Campaigning-GAU

Repräsentanten der Gemeinschaft dulden großflächige Pfuscherei und machen es sich damit leicht — statt echte Veränderungen anzustreben.

  29.10.2019 | 4 Minuten  

Der Überbietungswettbewerb bei Mobilitätskampagnen treibt bisweilen katastrophale Blüten. Wenn die Macher der Kampagne ›Kopf an, Motor aus!‹ beispielsweise behaupten, den moralischen Zeigefinger wegzulassen (Seite 10), dann strafen nicht nur der Kampagnentitel, sondern auch ihr Gebrauch des ›inneren Schweinehunds‹ als Schlagwort (ebd.)  und zusätzlich ihre arg missbräuchliche Anwendung des Transtheoretischen Modells sie Lügen. Denn mit ersterem werfen sie ihren Adressaten schlicht Dummheit vor, mit zweiterem Disziplinlosigkeit und mit letzterem Autosucht. All dies trifft aber nicht zu. Nicht erst neuere psychologische und neurobiologische Erkenntnisse weisen darauf hin, dass der Mensch einen Großteil seines Alltags, auch seine Fortbewegung, bewältigt, ohne nachzudenken. Denn das würde zu lange dauern und zu viel Energie beanspruchen. »Nicht etwa wohlüberlegte Vernunft führt bei vielen Entscheidungen die Regie, sondern eine wundersame Kraft aus dem Unbewussten gibt uns häufig den letzten Kick, etwas zu tun oder es zu lassen.«

Der eigenen Erkenntnis zuwider

Besonders bedauerlich: Die Kopf-an-Kampagne warb selbst mit diesem Faktum (Seite 12), zog daraus aber weder Schlussfolgerungen noch Konsequenzen für den eigenen Ansatz. Stattdessen stülpte sie ihrem Vorgehen eine Theorie über, die eigentlich aus der Forschung und Entwicklung zu Suchttherapien stammt. Weder konnte sie den damit zwingend zusammenhängenden Anspruch der dauerhaften therapeutischen Betreuung ihrer Zielgruppen einlösen noch das zugrunde liegende Wissen angemessen ausschöpfen — denn sie verkürzte die empirisch gebildeten sechs Stufen der Verhaltensveränderung, zum Zwecke der höheren Praktikabilität für den Kampagneneinsatz, kurzerhand auf die Hälfte (Seite 8). Erfolg: unbekannt. Aus dem Duktus dieses Kampagnen-Versuchs spricht in der Summe also weniger das Streben nach realen Effekten als vielmehr das neurotische Bedürfnis der Absender, sich besserwisserisch zu produzieren. Das Problem: Nicht wenige Verwaltungen geben für diesen Humbug jede Menge Geld aus, das, anders eingesetzt, echte Verhaltensänderungen bewirken könnte und nicht nur schöngerechnete.

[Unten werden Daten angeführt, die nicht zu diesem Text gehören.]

Lemma hedge_signE (f : gedge e) :
  (hedge_sign f)%:~R * \prod_(u in val f) old_sqrt u = hedge_prod x f * eigen_mu.
Proof.
rewrite /hedge_sign; have [-> | Pf] := eqVneq (hedge_prod x f) 0.
  by rewrite mulr0z !mul0r.
case: eqP => [-> | PZ]; first by rewrite mulr1z mul1r.
have : (hedge_prod x f * eigen_mu) ^+ 2 = (\prod_(u in val f) old_sqrt u) ^+ 2.
  rewrite exprMn sqrtCK mulrC hedge_prod_sqr // -!prodrXl.
  by apply: eq_bigr => u _; rewrite sqrtCK.
by move/eqP; rewrite eqf_sqr => /orP[/eqP/PZ // | /eqP->]; rewrite mulrN1z mulN1r.
Qed.

Lemma sign_graph_subgraph : signed_subgraph e old_support sign_graph.
Proof.
split=> [u v | u v | u v]; rewrite /sign_graph /pair_weight.
- by rewrite edge_ofC.
- by case: (edge_of u v) => [f|] //; rewrite /hedge_sign; repeat case: ifP.
case uv: (edge_of u v) => [f|] //; rewrite /hedge_sign.
case: ifPn => [_ | /prodf_neq0 Pf _]; first by rewrite eqxx.
have f_uv := edge_of_some uv; have [euv _] := gedge_set2 e_sym e_irr f_uv.
by split=> //; rewrite inE Pf // mem_phedge_inl f_uv !inE eqxx ?orbT.
Qed.

(* For [k = 3] a hyperedge has a single new vertex, whose eigen-equation reads
   [x u * x v = lam * x_new ^+ 2]. *)
Lemma sign_graph_induced : k = 3 ->
  forall u v, u \in old_support -> v \in old_support -> e u v -> sign_graph u v != 0.
Proof.
move=> k3 u v uS vS euv; have [f uv f_uv] := edge_ofP euv.
have k2 : (k - 2 = 1)%N by rewrite k3.
have j0_lt : (0 < k - 2)%N by rewrite k2.
set j0 : 'I_(k - 2) := Ordinal j0_lt.
have j0_uniq (j : 'I_(k - 2)) : j = j0.
  by apply: ord_inj; have := ltn_ord j; rewrite [X in (_ < X)%N]k2 ltnS leqn0 => /eqP.
have rest_neq0 : \prod_(w in phedge k f :\ inr (f, j0)) x w != 0.
  apply/prodf_neq0 => -[a | [g j]]; rewrite in_setD1.
    by rewrite mem_phedge_inl f_uv !inE => /orP[]/eqP->; [move: uS | move: vS]; rewrite inE.
  by rewrite mem_phedge_inr (j0_uniq j) => /andP[+ /eqP gf]; rewrite gf eqxx.
have new_neq0 : x (inr (f, j0)) != 0.
  apply: contraNneq rest_neq0 => x0; have := hx (inr (f, j0)).
  have km1 : (k.-1 == 0)%N = false by rewrite k3.
  by rewrite sum_phedge_inr x0 expr0n km1 mulr0 => ->.
rewrite /sign_graph /pair_weight uv /hedge_sign (hedge_prod_new k_ge3 hx f j0).
by rewrite mulf_eq0 expf_eq0 (negbTE lam_neq0) (negbTE new_neq0) andbF; case: ifP.
Qed.

Lemma sign_graph_eigen (u : V) : u \in old_support ->
  \sum_w (sign_graph u w)%:~R * old_sqrt w = lam * eigen_mu * old_sqrt u.
Proof.
rewrite inE => xu_neq0.
have zu_neq0 : old_sqrt u != 0 by rewrite sqrtC_eq0 expf_neq0.
apply: (mulfI zu_neq0); rewrite mulr_sumr.
transitivity (eigen_mu * \sum_(f : gedge e | u \in val f) hedge_prod x f).
  rewrite (big_gedge_incident e_irr) mulr_sumr; apply: eq_bigr => w _.
  rewrite /sign_graph /pair_weight; case uw: (edge_of u w) => [f|]; last first.
    by rewrite mulr0z !mul0r !mulr0.
  have f_uw := edge_of_some uw; have [_ u_neq_w] := gedge_set2 e_sym e_irr f_uw.
  by rewrite [RHS]mulrC -hedge_signE f_uw big_setU1 ?big_set1 ?inE // mulrCA.
by rewrite (sum_hedge_prod_old k_ge3 hx) -(sqrtCK (x (inl u) ^+ k)) -/(old_sqrt u); ring.
Qed.

Lemma old_sqrt_neq0 : exists u, old_sqrt u != 0.
Proof.
have old_neq0 u : x (inl u) != 0 -> old_sqrt u != 0 by move=> xu; rewrite sqrtC_eq0 expf_neq0.
case: x_neq0 => -[u xu | [f j] xfj]; first by exists u; apply: old_neq0.
have /prodf_neq0 Pf : hedge_prod x f != 0.
  by rewrite (hedge_prod_new k_ge3 hx f j) mulf_neq0 // expf_neq0.
have [a [b [_ _ f_ab]]] := gedge_ends e_irr f.
by exists a; apply/old_neq0/Pf; rewrite mem_phedge_inl f_ab !inE eqxx.
Qed.

Lemma sign_graph_eigenvalue :
  eigenvalue (signed_adj C old_support sign_graph) (lam * eigen_mu).
Proof.
have [s_sym _ _] := sign_graph_subgraph.
apply/(signed_adj_eigenvalueP s_sym).
exists old_sqrt; split; [|exact: old_sqrt_neq0 | exact: sign_graph_eigen].
move=> u; rewrite inE negbK => /eqP x0.
by rewrite /old_sqrt x0 expr0n (gtn_eqF (leq_trans _ k_ge3)) // sqrtC0.
Qed.

Lemma eigen_mu_sqr : (lam * eigen_mu) ^+ 2 = lam ^+ k.
Proof. by rewrite exprMn sqrtCK -exprD subnKC // ltnW. Qed.

End SignedSubgraphOfEigenvector.

Section EigenvectorOfSignedSubgraph.
Context {V : finType} {e : rel V}.
Hypotheses (e_sym : symmetric e) (e_irr : irreflexive e).
Variable k : nat.
Context {C : numClosedFieldType}.
Hypothesis k_ge3 : (3 <= k)%N.
Local Notation W := (pvert e k).
Variables (S : {set V}) (s : V -> V -> int) (beta lam : C) (y : V -> C).
Hypothesis s_sub : signed_subgraph e S s.
Hypothesis y_supp : forall u, u \notin S -> y u = 0.
Hypothesis hy : forall u, u \in S -> \sum_w (s u w)%:~R * y w = beta * y u.
Hypothesis beta_lam : beta ^+ 2 = lam ^+ k.
Hypothesis lam_neq0 : lam != 0.

Let k_gt0 : (0 < k)%N. Proof. exact: leq_trans k_ge3. Qed.

Lemma beta_neq0 : beta != 0.
Proof. by apply: contraNneq (expf_neq0 k lam_neq0) => b0; rewrite -beta_lam b0 expr0n. Qed.

Definition old_root (u : V) : C := k.-root (y u ^+ 2).

Definition hedge_target (f : gedge e) : C :=
  lam / beta * (edge_weight s f)%:~R * \prod_(u in val f) y u.

Definition new_root (f : gedge e) : C := k.-root (hedge_target f / lam).

Definition twist (f : gedge e) : C :=
  hedge_target f / \prod_(u in val f) old_root u / new_root f ^+ (k - 2).

(* The old vertices carry [k]-th roots of [y ^+ 2]; the new vertices of [f]
   carry [k]-th roots of [hedge_target f / lam], one of them multiplied by the
   root of unity [twist f] so that the whole hyperedge multiplies to
   [hedge_target f]. *)
Definition lift (w : W) : C :=
  match w with
  | inl u => old_root u
  | inr (f, j) => if hedge_target f == 0 then 0
                  else (if val j == 0%N then twist f else 1) * new_root f
  end.

Lemma prod_old_root_exp (f : gedge e) :
  (\prod_(u in val f) old_root u) ^+ k = (\prod_(u in val f) y u) ^+ 2.
Proof. by rewrite -!prodrXl; apply: eq_bigr => u _; rewrite rootCK. Qed.

Lemma hedge_target_neq0 {f : gedge e} : hedge_target f != 0 ->
  [/\ edge_weight s f != 0, \prod_(u in val f) y u != 0
    & \prod_(u in val f) old_root u != 0].
Proof.
rewrite !mulf_eq0 intr_eq0 negb_or => /andP[/norP[_ ew_neq0] Y_neq0].
split=> //; have := congr1 (fun a => a == 0) (prod_old_root_exp f).
by rewrite !expf_eq0 k_gt0 /= => ->.
Qed.

Lemma edge_weight_sqr (f : gedge e) : edge_weight s f != 0 ->
  (edge_weight s f)%:~R ^+ 2 = 1 :> C.
Proof.
have [s_sym s_val _] := s_sub; have [a [b [_ _ f_ab]]] := gedge_ends e_irr f.
rewrite (edge_weightE e_sym e_irr s_sym f_ab).
by move: (s_val a b); rewrite !inE => /or3P[]/eqP->; rewrite ?eqxx // ?sqrrN expr1n.
Qed.

(* [twist f ^+ k = 1] reduces to [(P / X) ^+ 2 = (X / lam) ^+ (k - 2)], where
   [P = hedge_target f] and [X] is the product of the old roots, which holds
   because [beta ^+ 2 = lam ^+ k] and [X ^+ k = Y ^+ 2]. *)
Lemma twist_unity (f : gedge e) : hedge_target f != 0 -> twist f ^+ k = 1.
Proof.
move=> Pf; have [ew_neq0 _ X_neq0] := hedge_target_neq0 Pf.
set P := hedge_target f in Pf *; set X := \prod_(u in val f) old_root u in X_neq0 *.
have exp_k (a : C) : a ^+ k = a ^+ (k - 2) * a ^+ 2 by rewrite -exprD subnK // ltnW.
have P_sqr : P ^+ 2 = lam ^+ 2 / lam ^+ k * X ^+ k.
  rewrite /P /hedge_target !exprMn edge_weight_sqr // prod_old_root_exp.
  by rewrite -beta_lam exprVn mulr1.
have Q_sqr : (P / X) ^+ 2 = (X / lam) ^+ (k - 2).
  rewrite expr_div_n P_sqr expr_div_n !exp_k.
  by field; rewrite expf_neq0 ?X_neq0.
have Q_exp : (P / X) ^+ k = (P / lam) ^+ (k - 2).
  by rewrite exp_k Q_sqr -exprMn mulrA divfK.
rewrite /twist -/P -/X expr_div_n Q_exp -exprM mulnC exprM rootCK // divff //.
by rewrite expf_neq0 // mulf_neq0 // invr_eq0.
Qed.

Lemma lift_new_exp (f : gedge e) (j : 'I_(k - 2)) : hedge_target f != 0 ->
  lift (inr (f, j)) ^+ k = hedge_target f / lam.
Proof.
move=> Pf; rewrite /= (negbTE Pf) exprMn rootCK //.
by case: ifP => _; rewrite ?twist_unity ?expr1n ?mul1r.
Qed.

Lemma hedge_prod_lift (f : gedge e) : hedge_prod lift f = hedge_target f.
Proof.
have j0_lt : (0 < k - 2)%N by rewrite subn_gt0.
set j0 : 'I_(k - 2) := Ordinal j0_lt.
have [P0 | Pf] := eqVneq (hedge_target f) 0.
  rewrite P0 /hedge_prod; apply/eqP/prodf_eq0; exists (inr (f, j0)).
    by rewrite mem_phedge_inr.
  by rewrite /= P0 eqxx.
have [_ _ X_neq0] := hedge_target_neq0 Pf.
have t_neq0 : new_root f != 0 by rewrite rootC_eq0 // mulf_neq0 ?invr_eq0.
have new_prod : \prod_(j : 'I_(k - 2)) lift (inr (f, j)) = twist f * new_root f ^+ (k - 2).
  rewrite /= (negbTE Pf) big_split /= prodr_const card_ord (bigD1 j0) //=.
  rewrite big1 ?mulr1 // => j j_neq0.
  by rewrite ifF //; apply: contraNF j_neq0 => /eqP j0'; apply/eqP/ord_inj.
by rewrite /hedge_prod big_phedge new_prod /twist divfK ?expf_neq0 // mulrC divfK.
Qed.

Die Causa bietet damit aber letzten Endes sogar ein hervorragendes Anschauungsbeispiel für das Dilemma, das dem Ausbleiben von Verkehrs- und Klimawende zugrunde liegt: Es mangelt nicht an Erkenntnis, sondern an Urteilsvermögen. Keine Technologie dieser Welt kann das allerdings wettmachen.